O nome de Luciana Gimenez foi citado em documentos oficiais relacionados ao caso Jeffrey Epstein, divulgados recentemente pelo Departamento de Justiça dos Estados Unidos. A repercussão levou a apresentadora a se manifestar publicamente para esclarecer os fatos e rebater qualquer associação com o empresário americano condenado por crimes sexuais.
Os arquivos fazem parte de um pacote de registros tornados públicos pelas autoridades norte-americanas e reúnem extratos bancários, listas de contatos e comunicações ligadas a Epstein. Entre os dados, constam referências a transferências financeiras atribuídas ao empresário e direcionadas à Luciana, com valores que, segundo interpretações que circularam nas redes, poderiam chegar a US$ 12 milhões.
As informações ganharam ainda mais visibilidade após análise da criadora de conteúdo Belyks, que destacou a existência de registros em diferentes períodos, incluindo datas próximas à prisão definitiva de Epstein. No entanto, os documentos não detalham a finalidade das transações nem estabelecem qualquer conclusão sobre a natureza dos valores mencionados.

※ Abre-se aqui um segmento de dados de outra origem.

Section NullExpectations.
Variables (R : realType) (n : nat) (th : 'I_n -> R).

Lemma Ex_eD_p0 (D : {set 'I_n}) :
  Ex (p0 th) (fun g => eD g D) = ((\sum_(i in D) th i) ^+ 2 - \sum_(i in D) th i ^+ 2) / 2.
Proof.
rewrite Ex_eD => [|i j]; last exact: mulrC.
by rewrite -sum_pairs_mul [2 * _]mulrC mulfK ?pnatr_eq0.
Qed.

Lemma Ex_eDc_p0 (D : {set 'I_n}) :
  Ex (p0 th) (fun g => eDc g D) =
  (\sum_(i in D) th i) * (\sum_(i in [set: 'I_n]) th i - \sum_(i in D) th i).
Proof.
rewrite Ex_eDc => [|i j]; last exact: mulrC.
rewrite [\sum_(i in [set: 'I_n]) _](big_setID D) finset.setTI finset.setTD addrAC subrr add0r.
by rewrite mulr_suml; apply: eq_bigr => i _; rewrite mulr_sumr.
Qed.

End NullExpectations.

Section SqrtGap.
Variable R : realType.
Implicit Types a d u x y S T Q : R.

Lemma rel_err_le u a d : 0 < a ->
  (`|u / a - 1| <= d) = ((1 - d) * a <= u <= (1 + d) * a).
Proof.
move=> a0; have -> : u / a - 1 = (u - a) / a by rewrite mulrBl divff ?lt0r_neq0.
rewrite normrM normfV (gtr0_norm a0) ler_pdivrMr // ler_norml.
by apply/andP/andP => -[lo hi]; split; lra.
Qed.

Definition sqrt_gap x y := 4^-1 * (Num.sqrt x - Num.sqrt (x - 2 * y)) ^+ 2.
(* The t-vector of b with respect to the form on K; junk unless b is linear. *)
Definition tK (b : K -> C) : K := epsilon (inhabits 0) (is_tvec fm iota' b).

Lemma tK_spec b : is_lin_fnl b -> is_tvec fm iota' b (tK b).
Proof.
move=> b_lin; apply: epsilon_spec.
exact: (riesz_repr (j := iota') iota'_lin K_nondeg b_lin).
Qed.

Lemma tK_eq b t : is_tvec fm iota' b t -> tK b = t.
Proof.
move=> b_t; have b_tK := epsilon_spec (inhabits 0) _ (ex_intro _ t b_t).
apply/subr0_eq/K_nondeg => u.
by rewrite fmC (linB kap_lin) iotaB fmBr -b_tK -b_t subrr.
Qed.

Definition fnl_res (a : H -> C) : K -> C := fun u => a (kap u).
Definition fnl_ext (b : K -> C) : H -> C :=
  fun h => fm (iota h) (iota (kap (tK b))).

Lemma fnl_res_lin a : is_lin_fnl a -> is_lin_fnl (fnl_res a).
Proof. by move=> a_lin k u1 u2; rewrite /fnl_res kap_lin a_lin. Qed.

Lemma fnl_ext_lin b : is_lin_fnl (fnl_ext b).
Proof. by move=> k h1 h2; rewrite /fnl_ext iota_lin fm_linl. Qed.

Lemma fnl_extK b : is_lin_fnl b -> fnl_res (fnl_ext b) = b.
Proof.
move=> b_lin; apply: functional_extensionality => u.
by rewrite /fnl_res /fnl_ext -(tK_spec b_lin).
Qed.

Lemma fnl_resK_tvec a u : is_tvec fm iota a (kap u) -> fnl_ext (fnl_res a) = a.
Proof.
move=> a_u; have tKa : tK (fnl_res a) = u by apply: tK_eq => u'; exact: a_u.
by apply: functional_extensionality => h; rewrite /fnl_ext tKa a_u.
Qed.

Lemma fnl_resK a : R' a -> fnl_ext (fnl_res a) = a.
Proof. by case/R'_tvec_in_K => u; apply: fnl_resK_tvec. Qed.

Lemma R'_tvec_tK a : R' a -> is_tvec fm iota a (kap (tK (fnl_res a))).
Proof. by move=> Ra; rewrite -{1}(fnl_resK Ra). Qed.

Lemma fnl_res_inj a a' : R' a -> R' a' -> fnl_res a = fnl_res a' -> a = a'.
Proof. by move=> Ra Ra' aa'; rewrite -(fnl_resK Ra) -(fnl_resK Ra') aa'. Qed.

Variable Hp : H -> Prop.
Hypothesis HpE : forall h, Hp h <-> exists u, h = kap u.
Local Notation Ecov := (lie_cover br iota R' Hp).

(* The summands of an element of the Lie cover: the one of weight zero must
   come from K, not merely from H. *)
Definition cover_root_vec (a : H -> C) (y : V) : Prop :=
  [/\ R' a, weight a y & a = @fnl0 R H -> exists u, y = iota (kap u)].

Lemma cover_iota u : Ecov (iota (kap u)).
Proof.
exists (kap u), 0%N, (fun _ => @fnl0 R H), (fun _ => 0).
by split; [apply/HpE; exists u | split; [case | rewrite big_ord0 addr0]].
Qed.

Lemma cover0 : Ecov 0.
Proof. by rewrite -iota0 -(lin0 kap_lin); apply: cover_iota. Qed.

Lemma cover_weight a y : R' a -> a <> @fnl0 R H -> weight a y -> Ecov y.
Proof.
move=> Ra a0 wy; exists 0, 1%N, (fun _ => a), (fun _ => y).
split; first by apply/HpE; exists 0; rewrite (lin0 kap_lin).
by split=> //; rewrite iota0 add0r big_ord1.
Qed.
Lemma kac_partial_sum T : #|fiber|%:R * \sum_(t < T) tail_prob lam z z t =
  (2 ^ N)%:R - \sum_(sg : sgT) tail T sg.
Proof.
elim: T => [|T IH].
  under [in RHS]eq_bigr do rewrite tail_prob0.
  by rewrite big_ord0 mulr0 sumr_const card_ffun card_bool card_ord subrr.
by rewrite big_ord_recr /= mulrDr IH sum_tail_gammaS sum_tail_off; ring.
Qed.

Lemma tail_gamma_ge0 t sg : 0 <= tail t sg.
Proof.
elim: t sg => [|t IH] sg; first by rewrite tail_prob0 ler01.
by rewrite tail_gammaS mulr_ge0 ?invr_ge0 ?ler0n ?sumr_ge0 // => i _; rewrite mulr_ge0 ?ler0n.
Qed.

Lemma tail_off_le t sg : tail_off t sg <= tail t sg.
Proof. by case: (_ != _); rewrite ?mul1r ?mul0r ?tail_gamma_ge0. Qed.

Lemma tail_gamma_le1 t sg : tail t sg <= 1.
Proof.
elim: t sg => [|t IH] sg; first by rewrite tail_prob0 lexx.
rewrite tail_gammaS ler_pdivrMl // mulr1.
apply: (@le_trans _ _ (\sum_(i < N) (1 : R))); last by rewrite sumr_const card_ord.
by apply: ler_sum => i _; apply: le_trans (tail_off_le _ _) (IH _).
Qed.

Lemma tail_gamma_markov s t (al : R) : (forall sg, tail t sg <= al) ->
  forall sg, tail (t + s) sg <= al * tail s sg.
Proof.
move=> le_al; elim: s => [|s IH] sg; first by rewrite addn0 tail_prob0 mulr1.
rewrite addnS !tail_gammaS mulrCA ler_pM2l ?invr_gt0 // mulr_sumr.
by apply: ler_sum => i _; rewrite mulrCA ler_wpM2l ?ler0n.
Qed.

Lemma tail_gamma_nonincr t sg : tail t.+1 sg <= tail t sg.
Proof. by have := tail_gamma_markov t _ _ (tail_gamma_le1 1) sg; rewrite add1n mul1r. Qed.

(* The first move flips a coordinate where sg and sg0 differ with probability 1/N, so z
   is hit within h = hamming sg sg0 steps with probability at least N^-h. *)
Lemma tail_off_hamming h t sg : hamming sg sg0 = h -> (h <= t)%N ->
  tail_off t sg <= 1 - N%:R^-1 ^+ h.
Proof.
elim: h t sg => [|h IH] t sg hd ht.
  by rewrite (hamming_eq0 _ _ hd) eqxx mul0r expr0 subrr.
have [i neq_i] : exists i, sg i != sg0 i.
  have /card_gt0P[i] : (0 < hamming sg sg0)%N by rewrite hd.
  by rewrite inE; exists i.
case: t ht => // t ht; apply: le_trans (tail_off_le _ _) _.
rewrite tail_gammaS (bigD1 i) //= ler_pdivrMl //.
have le_i : tail_off t (flip sg i) <= 1 - N%:R^-1 ^+ h.
  by apply: IH => //; rewrite hamming_flip // hd.
have le_rest : \sum_(j < N | j != i) tail_off t (flip sg j) <= N%:R - 1.
  apply: (@le_trans _ _ (\sum_(j < N | j != i) (1 : R))).
    by apply: ler_sum => j _; apply: le_trans (tail_off_le _ _) (tail_gamma_le1 _ _).
  by rewrite sumr_const cardC1 card_ord -(prednK N_gt0) -natr1 addrK.
apply: le_trans (lerD le_i le_rest) _.
by rewrite exprS mulrBr mulr1 mulrA mulfV ?gt_eqF // mul1r; lra.
Qed.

Pronunciamento de Luciana Gimenez
Diante da repercussão, Luciana divulgou uma nota oficial negando de forma categórica qualquer relação com Epstein. Segundo a apresentadora, ela nunca conheceu o empresário e jamais manteve contato pessoal, profissional ou financeiro com ele.
Ainda de acordo com o comunicado, ao tomar conhecimento da citação de seu nome nos arquivos, Luciana entrou em contato com o Deutsche Bank Trust Company Americas, instituição onde mantinha conta à época, para entender a origem da vinculação.
Além de Luciana, outros nomes conhecidos também surgem nos documentos, como Mick Jagger, pai de um dos filhos da apresentadora. Os arquivos citam ainda tentativas de contato envolvendo pessoas do círculo de Epstein, mas sem detalhar o teor dessas comunicações ou indicar envolvimento direto em crimes.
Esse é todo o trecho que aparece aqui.